__YOUR OBJECTIVE__
Which lines in the records below contain the word "finType"? Report each of them.
*** Opening of WORKING DATA ***
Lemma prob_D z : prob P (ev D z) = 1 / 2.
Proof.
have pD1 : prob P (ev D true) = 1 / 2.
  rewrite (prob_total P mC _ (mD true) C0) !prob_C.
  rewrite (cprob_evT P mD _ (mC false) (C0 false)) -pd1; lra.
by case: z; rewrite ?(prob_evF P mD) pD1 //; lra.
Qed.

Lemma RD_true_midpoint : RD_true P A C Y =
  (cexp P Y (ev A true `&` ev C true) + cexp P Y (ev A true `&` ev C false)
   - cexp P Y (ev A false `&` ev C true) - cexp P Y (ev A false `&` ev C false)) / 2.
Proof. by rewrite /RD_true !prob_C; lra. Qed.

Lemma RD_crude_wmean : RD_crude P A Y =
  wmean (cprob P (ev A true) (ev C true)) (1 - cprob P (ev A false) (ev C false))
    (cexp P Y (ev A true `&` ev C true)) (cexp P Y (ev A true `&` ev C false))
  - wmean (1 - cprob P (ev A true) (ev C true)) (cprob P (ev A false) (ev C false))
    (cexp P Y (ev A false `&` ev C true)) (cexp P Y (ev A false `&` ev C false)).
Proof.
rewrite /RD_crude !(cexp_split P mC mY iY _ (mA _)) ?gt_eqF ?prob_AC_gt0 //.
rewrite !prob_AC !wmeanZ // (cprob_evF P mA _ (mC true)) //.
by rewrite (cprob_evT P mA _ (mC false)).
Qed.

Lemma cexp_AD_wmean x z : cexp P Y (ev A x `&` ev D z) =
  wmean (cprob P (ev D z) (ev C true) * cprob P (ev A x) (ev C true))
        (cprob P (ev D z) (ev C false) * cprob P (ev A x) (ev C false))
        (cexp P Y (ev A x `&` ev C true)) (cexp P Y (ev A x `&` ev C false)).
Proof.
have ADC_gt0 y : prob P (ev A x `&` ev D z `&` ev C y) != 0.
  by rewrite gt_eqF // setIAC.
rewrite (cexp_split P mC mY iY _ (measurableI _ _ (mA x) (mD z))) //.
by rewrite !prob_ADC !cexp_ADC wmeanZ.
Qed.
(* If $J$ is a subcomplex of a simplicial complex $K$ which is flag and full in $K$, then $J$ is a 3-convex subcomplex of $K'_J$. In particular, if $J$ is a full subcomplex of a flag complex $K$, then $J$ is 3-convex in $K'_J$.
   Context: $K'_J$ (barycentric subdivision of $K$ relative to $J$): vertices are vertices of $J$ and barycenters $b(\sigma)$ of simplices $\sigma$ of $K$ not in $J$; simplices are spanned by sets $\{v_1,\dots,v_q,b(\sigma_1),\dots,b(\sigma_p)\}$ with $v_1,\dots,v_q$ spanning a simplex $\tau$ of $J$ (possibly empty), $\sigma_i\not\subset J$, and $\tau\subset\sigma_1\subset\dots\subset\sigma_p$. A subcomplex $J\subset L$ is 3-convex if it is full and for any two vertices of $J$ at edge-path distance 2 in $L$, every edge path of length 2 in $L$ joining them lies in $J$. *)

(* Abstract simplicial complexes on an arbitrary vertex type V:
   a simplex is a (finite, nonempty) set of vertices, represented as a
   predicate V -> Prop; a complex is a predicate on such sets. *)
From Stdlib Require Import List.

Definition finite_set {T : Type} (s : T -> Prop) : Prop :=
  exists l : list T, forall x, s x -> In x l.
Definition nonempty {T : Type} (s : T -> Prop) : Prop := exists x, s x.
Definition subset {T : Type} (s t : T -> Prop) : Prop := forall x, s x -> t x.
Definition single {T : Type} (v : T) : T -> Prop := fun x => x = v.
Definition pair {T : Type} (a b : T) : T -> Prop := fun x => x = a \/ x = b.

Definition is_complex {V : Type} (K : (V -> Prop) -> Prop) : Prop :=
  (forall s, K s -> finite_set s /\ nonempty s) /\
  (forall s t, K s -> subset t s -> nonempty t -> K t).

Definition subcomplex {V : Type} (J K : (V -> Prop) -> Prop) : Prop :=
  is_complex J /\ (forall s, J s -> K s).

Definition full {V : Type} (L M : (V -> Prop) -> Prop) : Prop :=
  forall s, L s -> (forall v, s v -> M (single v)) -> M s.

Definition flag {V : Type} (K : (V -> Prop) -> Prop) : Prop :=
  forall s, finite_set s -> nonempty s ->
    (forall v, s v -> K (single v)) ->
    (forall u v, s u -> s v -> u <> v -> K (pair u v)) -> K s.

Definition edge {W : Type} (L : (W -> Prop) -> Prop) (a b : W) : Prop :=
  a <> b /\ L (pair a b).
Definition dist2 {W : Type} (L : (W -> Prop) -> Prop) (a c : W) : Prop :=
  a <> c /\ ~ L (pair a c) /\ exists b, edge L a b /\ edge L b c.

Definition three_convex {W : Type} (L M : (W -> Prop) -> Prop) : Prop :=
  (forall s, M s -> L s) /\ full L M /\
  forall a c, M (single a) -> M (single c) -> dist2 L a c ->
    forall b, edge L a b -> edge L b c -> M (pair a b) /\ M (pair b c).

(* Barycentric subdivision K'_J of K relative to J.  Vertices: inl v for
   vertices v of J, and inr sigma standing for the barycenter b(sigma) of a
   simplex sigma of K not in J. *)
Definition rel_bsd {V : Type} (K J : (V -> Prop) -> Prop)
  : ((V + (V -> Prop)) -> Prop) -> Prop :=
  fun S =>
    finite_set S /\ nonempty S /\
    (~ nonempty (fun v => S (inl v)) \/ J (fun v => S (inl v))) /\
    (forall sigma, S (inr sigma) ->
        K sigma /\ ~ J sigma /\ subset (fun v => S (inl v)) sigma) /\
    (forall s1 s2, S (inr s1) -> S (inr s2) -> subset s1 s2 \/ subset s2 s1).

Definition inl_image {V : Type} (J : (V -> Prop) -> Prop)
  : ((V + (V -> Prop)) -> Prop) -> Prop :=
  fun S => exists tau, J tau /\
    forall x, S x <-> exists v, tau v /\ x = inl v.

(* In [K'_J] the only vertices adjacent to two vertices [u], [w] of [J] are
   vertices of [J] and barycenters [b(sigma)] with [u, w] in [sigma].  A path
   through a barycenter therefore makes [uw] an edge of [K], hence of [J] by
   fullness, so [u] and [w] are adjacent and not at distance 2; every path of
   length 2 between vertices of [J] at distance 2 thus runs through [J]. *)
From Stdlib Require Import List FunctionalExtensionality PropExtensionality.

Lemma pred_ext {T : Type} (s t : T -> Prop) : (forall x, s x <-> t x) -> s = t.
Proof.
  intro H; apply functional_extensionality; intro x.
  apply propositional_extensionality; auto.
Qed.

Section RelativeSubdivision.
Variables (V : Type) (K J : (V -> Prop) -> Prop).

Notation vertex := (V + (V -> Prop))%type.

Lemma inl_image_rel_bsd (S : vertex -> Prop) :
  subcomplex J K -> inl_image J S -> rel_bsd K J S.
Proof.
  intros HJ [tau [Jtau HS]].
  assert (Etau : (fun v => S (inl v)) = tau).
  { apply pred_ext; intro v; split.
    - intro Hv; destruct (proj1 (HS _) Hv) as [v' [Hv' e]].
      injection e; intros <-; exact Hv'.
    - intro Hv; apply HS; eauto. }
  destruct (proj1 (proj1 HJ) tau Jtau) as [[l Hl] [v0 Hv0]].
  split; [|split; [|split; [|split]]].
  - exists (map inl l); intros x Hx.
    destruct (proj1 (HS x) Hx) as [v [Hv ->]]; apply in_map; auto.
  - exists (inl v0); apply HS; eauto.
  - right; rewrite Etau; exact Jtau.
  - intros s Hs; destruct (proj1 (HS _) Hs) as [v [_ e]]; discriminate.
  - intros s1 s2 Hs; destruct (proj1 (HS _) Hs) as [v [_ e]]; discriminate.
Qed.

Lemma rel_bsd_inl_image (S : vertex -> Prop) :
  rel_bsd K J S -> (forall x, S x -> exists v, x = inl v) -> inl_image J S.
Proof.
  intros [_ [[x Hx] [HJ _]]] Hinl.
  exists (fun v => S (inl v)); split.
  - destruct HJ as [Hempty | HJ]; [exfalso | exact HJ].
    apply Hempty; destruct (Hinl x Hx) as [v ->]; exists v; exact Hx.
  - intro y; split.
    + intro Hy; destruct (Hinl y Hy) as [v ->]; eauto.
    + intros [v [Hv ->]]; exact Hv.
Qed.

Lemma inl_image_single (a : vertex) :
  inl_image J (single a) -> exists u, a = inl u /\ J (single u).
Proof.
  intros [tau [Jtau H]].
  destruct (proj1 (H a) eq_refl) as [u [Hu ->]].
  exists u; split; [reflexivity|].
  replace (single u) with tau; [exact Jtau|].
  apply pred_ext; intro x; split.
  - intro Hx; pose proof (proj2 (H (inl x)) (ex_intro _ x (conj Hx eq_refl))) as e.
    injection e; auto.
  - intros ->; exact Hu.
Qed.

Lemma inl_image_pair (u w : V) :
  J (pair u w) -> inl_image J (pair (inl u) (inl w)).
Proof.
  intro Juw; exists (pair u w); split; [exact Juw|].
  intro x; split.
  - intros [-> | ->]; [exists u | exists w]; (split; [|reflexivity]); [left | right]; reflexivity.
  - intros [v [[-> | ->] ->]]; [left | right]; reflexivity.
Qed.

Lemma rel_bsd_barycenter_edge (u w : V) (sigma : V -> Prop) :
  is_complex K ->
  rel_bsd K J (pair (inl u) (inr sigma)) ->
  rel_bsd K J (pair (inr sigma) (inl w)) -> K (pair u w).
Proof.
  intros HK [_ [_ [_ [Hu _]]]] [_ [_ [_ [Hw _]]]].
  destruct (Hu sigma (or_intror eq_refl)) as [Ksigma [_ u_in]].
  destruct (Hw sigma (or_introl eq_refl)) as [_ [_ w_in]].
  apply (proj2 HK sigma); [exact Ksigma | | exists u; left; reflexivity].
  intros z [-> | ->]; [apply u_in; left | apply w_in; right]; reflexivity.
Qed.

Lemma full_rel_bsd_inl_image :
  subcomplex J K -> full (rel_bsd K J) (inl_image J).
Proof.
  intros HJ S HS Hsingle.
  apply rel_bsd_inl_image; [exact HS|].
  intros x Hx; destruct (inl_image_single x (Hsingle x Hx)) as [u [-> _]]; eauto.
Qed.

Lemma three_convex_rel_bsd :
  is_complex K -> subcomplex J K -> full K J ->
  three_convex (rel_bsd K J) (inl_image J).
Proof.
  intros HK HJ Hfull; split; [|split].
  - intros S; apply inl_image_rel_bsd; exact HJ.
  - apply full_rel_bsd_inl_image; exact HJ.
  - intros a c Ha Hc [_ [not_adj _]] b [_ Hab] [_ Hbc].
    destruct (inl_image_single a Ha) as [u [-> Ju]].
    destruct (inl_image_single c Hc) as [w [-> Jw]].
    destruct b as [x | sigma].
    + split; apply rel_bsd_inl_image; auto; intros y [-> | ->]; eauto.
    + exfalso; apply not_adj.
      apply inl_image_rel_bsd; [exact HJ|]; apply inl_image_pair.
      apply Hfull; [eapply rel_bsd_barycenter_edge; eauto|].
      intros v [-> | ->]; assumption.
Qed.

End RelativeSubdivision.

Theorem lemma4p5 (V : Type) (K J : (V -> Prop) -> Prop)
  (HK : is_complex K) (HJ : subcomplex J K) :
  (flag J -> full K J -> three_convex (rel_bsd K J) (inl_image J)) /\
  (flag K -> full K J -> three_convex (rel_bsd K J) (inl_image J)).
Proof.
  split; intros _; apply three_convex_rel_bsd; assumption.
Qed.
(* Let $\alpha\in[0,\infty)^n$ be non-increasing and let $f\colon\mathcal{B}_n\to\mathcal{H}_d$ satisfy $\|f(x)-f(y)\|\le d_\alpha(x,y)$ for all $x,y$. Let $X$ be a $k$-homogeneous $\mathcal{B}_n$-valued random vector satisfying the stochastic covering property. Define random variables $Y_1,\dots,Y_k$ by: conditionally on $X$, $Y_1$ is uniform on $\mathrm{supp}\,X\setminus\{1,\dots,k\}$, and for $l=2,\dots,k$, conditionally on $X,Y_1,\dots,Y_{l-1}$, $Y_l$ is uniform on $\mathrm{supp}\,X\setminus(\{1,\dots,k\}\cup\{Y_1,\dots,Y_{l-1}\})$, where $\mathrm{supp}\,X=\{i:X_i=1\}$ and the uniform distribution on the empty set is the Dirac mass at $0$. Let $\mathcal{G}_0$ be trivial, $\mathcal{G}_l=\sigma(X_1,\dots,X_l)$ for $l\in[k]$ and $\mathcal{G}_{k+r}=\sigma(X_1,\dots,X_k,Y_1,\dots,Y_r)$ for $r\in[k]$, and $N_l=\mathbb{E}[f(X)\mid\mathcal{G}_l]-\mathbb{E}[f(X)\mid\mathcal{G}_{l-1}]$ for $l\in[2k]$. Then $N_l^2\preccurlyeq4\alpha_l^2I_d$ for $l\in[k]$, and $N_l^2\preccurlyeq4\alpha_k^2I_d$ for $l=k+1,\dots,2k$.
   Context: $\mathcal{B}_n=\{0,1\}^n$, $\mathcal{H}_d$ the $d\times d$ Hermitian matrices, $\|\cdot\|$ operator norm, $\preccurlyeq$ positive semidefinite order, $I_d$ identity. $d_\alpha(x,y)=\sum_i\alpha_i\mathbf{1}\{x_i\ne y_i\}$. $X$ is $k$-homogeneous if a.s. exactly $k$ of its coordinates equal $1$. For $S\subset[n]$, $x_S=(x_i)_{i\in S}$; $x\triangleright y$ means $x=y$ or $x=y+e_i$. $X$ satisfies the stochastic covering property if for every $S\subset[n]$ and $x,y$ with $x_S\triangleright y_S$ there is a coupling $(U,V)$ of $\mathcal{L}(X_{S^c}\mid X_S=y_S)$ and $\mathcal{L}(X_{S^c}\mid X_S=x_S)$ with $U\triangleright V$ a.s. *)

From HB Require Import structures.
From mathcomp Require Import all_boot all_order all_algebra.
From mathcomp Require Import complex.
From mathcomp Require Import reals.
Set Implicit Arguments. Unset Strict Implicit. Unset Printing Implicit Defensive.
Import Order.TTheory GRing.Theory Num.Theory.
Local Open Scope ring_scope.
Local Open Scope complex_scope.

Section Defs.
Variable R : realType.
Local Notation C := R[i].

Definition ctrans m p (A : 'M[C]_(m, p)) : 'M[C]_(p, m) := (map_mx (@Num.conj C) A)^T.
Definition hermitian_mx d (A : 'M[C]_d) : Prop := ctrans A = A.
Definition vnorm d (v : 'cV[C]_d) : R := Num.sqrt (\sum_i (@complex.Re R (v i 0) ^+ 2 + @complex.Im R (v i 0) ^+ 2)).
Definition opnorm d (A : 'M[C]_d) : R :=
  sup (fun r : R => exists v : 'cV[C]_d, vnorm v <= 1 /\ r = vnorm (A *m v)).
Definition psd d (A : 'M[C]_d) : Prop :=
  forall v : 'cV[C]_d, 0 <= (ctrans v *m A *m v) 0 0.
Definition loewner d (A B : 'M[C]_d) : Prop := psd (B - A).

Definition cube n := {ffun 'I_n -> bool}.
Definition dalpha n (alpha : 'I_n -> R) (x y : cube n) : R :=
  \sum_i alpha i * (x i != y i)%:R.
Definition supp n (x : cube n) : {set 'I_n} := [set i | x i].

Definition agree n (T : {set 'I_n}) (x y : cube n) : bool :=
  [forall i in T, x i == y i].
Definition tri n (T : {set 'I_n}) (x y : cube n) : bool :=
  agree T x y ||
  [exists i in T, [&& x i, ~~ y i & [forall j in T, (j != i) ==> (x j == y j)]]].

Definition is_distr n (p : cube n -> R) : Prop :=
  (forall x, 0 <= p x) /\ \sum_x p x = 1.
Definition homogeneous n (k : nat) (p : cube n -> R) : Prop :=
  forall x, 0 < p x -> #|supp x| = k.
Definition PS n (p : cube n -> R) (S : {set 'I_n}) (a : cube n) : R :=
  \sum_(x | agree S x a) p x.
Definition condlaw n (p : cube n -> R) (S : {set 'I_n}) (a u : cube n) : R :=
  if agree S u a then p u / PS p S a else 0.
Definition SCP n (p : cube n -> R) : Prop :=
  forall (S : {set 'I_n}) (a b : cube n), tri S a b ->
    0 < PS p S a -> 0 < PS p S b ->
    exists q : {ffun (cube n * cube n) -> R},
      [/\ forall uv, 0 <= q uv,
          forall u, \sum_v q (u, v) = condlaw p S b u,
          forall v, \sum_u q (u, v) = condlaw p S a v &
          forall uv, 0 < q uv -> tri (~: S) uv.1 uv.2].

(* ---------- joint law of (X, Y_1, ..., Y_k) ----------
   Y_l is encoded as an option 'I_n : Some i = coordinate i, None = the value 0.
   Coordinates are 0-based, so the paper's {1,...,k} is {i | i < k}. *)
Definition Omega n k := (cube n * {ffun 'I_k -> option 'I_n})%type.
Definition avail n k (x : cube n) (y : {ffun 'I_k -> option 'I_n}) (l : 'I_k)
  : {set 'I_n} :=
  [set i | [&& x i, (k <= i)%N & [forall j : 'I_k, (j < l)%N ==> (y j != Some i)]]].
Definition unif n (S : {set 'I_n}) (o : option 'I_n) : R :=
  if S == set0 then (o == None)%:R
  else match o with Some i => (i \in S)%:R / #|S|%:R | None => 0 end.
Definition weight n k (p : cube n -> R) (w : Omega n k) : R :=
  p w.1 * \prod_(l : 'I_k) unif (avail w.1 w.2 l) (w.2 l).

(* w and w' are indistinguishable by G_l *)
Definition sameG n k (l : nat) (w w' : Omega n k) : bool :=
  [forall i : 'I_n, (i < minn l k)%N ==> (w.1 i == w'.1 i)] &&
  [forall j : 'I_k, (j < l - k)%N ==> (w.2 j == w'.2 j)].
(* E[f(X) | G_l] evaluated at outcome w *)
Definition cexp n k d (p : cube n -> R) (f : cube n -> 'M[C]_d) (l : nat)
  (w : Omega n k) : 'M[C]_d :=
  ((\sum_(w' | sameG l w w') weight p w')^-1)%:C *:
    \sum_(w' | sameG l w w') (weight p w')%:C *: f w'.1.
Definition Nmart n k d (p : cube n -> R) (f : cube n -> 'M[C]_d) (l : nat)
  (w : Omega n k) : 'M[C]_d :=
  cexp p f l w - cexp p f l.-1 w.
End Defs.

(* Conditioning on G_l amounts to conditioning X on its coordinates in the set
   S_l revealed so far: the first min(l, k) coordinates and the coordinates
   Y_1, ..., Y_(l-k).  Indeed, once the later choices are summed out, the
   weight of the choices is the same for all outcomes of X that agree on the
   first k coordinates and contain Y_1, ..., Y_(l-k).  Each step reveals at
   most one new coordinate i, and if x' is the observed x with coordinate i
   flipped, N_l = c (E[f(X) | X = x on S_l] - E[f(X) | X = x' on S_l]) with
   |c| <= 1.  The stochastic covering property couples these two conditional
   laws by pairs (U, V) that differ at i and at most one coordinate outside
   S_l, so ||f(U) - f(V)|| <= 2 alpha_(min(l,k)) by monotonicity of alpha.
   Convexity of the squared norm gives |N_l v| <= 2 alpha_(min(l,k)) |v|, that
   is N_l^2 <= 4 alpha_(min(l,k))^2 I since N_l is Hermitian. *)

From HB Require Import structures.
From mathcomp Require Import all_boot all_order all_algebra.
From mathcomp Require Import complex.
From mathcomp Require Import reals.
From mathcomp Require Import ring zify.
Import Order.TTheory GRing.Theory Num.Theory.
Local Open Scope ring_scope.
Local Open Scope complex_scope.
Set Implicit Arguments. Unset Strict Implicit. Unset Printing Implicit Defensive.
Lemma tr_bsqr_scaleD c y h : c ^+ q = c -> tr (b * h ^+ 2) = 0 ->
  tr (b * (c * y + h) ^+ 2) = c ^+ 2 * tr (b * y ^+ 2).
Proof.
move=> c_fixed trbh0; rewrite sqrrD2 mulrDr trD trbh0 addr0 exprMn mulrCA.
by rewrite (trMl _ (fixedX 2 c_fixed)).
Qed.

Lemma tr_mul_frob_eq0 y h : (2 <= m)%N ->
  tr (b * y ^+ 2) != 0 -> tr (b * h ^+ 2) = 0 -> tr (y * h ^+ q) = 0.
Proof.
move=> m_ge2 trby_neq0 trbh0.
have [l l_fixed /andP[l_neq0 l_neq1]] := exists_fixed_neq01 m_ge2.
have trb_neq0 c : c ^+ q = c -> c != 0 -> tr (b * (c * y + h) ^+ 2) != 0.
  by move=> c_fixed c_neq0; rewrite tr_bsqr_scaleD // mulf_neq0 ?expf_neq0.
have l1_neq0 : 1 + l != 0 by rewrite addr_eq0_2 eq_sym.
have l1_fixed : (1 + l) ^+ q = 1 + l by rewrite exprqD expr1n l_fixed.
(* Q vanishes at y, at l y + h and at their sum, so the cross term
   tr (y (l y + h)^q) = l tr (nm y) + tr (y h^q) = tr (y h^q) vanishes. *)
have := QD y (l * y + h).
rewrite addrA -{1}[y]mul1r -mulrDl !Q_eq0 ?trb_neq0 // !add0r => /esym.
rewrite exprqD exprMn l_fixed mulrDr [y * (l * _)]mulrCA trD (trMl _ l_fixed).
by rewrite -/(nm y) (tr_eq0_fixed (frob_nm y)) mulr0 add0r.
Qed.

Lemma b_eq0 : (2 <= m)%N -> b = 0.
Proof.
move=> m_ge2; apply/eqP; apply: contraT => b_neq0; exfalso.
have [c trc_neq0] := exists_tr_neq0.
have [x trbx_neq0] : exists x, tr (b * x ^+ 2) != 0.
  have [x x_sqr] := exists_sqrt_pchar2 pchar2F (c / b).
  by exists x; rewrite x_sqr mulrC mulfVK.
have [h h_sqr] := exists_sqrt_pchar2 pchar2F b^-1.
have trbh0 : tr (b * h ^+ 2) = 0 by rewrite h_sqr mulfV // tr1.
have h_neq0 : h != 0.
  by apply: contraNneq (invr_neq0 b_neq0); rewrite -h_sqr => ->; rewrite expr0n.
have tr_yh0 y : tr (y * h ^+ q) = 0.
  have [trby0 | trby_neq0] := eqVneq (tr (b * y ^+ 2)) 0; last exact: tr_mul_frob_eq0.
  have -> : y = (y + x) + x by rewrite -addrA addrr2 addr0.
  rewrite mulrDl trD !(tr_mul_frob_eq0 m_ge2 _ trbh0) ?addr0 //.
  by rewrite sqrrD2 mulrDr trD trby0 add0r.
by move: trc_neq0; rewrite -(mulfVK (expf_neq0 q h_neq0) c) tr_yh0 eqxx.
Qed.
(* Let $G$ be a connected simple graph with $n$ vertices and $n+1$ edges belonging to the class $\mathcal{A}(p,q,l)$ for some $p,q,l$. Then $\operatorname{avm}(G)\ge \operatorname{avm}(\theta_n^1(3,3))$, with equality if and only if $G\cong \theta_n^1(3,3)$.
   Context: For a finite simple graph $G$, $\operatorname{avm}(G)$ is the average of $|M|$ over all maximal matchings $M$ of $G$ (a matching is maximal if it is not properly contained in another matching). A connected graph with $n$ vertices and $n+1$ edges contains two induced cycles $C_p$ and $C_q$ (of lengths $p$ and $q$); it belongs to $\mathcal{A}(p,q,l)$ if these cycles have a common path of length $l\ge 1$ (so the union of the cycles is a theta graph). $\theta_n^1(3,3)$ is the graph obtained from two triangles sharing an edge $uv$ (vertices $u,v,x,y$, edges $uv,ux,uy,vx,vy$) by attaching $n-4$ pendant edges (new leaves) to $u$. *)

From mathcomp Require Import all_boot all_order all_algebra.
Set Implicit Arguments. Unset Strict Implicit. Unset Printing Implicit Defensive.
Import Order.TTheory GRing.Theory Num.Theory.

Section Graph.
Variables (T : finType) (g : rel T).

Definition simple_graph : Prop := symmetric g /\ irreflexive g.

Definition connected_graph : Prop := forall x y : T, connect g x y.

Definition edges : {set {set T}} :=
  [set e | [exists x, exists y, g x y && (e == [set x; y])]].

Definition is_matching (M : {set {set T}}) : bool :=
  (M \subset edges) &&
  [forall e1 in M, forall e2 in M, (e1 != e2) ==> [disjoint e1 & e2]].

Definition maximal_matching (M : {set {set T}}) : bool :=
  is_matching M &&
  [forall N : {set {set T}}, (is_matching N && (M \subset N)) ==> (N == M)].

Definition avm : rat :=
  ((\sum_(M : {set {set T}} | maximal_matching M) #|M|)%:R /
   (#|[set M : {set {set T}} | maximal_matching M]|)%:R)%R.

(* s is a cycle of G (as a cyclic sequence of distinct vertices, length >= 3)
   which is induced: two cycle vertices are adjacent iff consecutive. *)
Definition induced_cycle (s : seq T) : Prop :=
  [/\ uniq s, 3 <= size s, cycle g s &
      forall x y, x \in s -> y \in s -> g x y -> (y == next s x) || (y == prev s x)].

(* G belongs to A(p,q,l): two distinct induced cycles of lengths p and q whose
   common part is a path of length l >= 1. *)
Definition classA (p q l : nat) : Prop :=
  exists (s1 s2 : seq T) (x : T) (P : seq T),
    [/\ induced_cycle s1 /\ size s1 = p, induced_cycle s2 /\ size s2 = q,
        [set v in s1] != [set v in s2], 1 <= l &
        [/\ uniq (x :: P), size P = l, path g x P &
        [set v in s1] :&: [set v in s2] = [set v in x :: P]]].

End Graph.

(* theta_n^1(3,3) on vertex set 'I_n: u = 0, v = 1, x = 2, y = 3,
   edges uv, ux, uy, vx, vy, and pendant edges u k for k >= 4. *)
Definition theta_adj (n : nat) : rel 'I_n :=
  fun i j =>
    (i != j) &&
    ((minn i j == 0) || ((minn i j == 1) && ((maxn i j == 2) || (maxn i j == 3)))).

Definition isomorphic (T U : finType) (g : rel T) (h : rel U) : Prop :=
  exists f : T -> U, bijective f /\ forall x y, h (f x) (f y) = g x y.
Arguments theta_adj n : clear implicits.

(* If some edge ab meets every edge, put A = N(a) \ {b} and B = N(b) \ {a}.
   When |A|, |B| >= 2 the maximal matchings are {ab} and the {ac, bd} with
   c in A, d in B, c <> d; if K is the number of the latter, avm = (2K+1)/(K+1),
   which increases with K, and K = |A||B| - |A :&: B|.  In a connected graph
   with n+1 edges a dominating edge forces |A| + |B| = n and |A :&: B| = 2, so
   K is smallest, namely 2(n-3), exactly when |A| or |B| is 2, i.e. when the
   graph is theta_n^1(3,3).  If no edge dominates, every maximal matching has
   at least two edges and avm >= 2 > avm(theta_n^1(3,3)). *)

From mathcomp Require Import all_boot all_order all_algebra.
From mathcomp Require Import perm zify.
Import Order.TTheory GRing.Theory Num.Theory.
*** Close of WORKING DATA ***
__OUTPUT OF THE TASK__
Variables (T : finType) (g : rel T).
Definition isomorphic (T U : finType) (g : rel T) (h : rel U) : Prop :=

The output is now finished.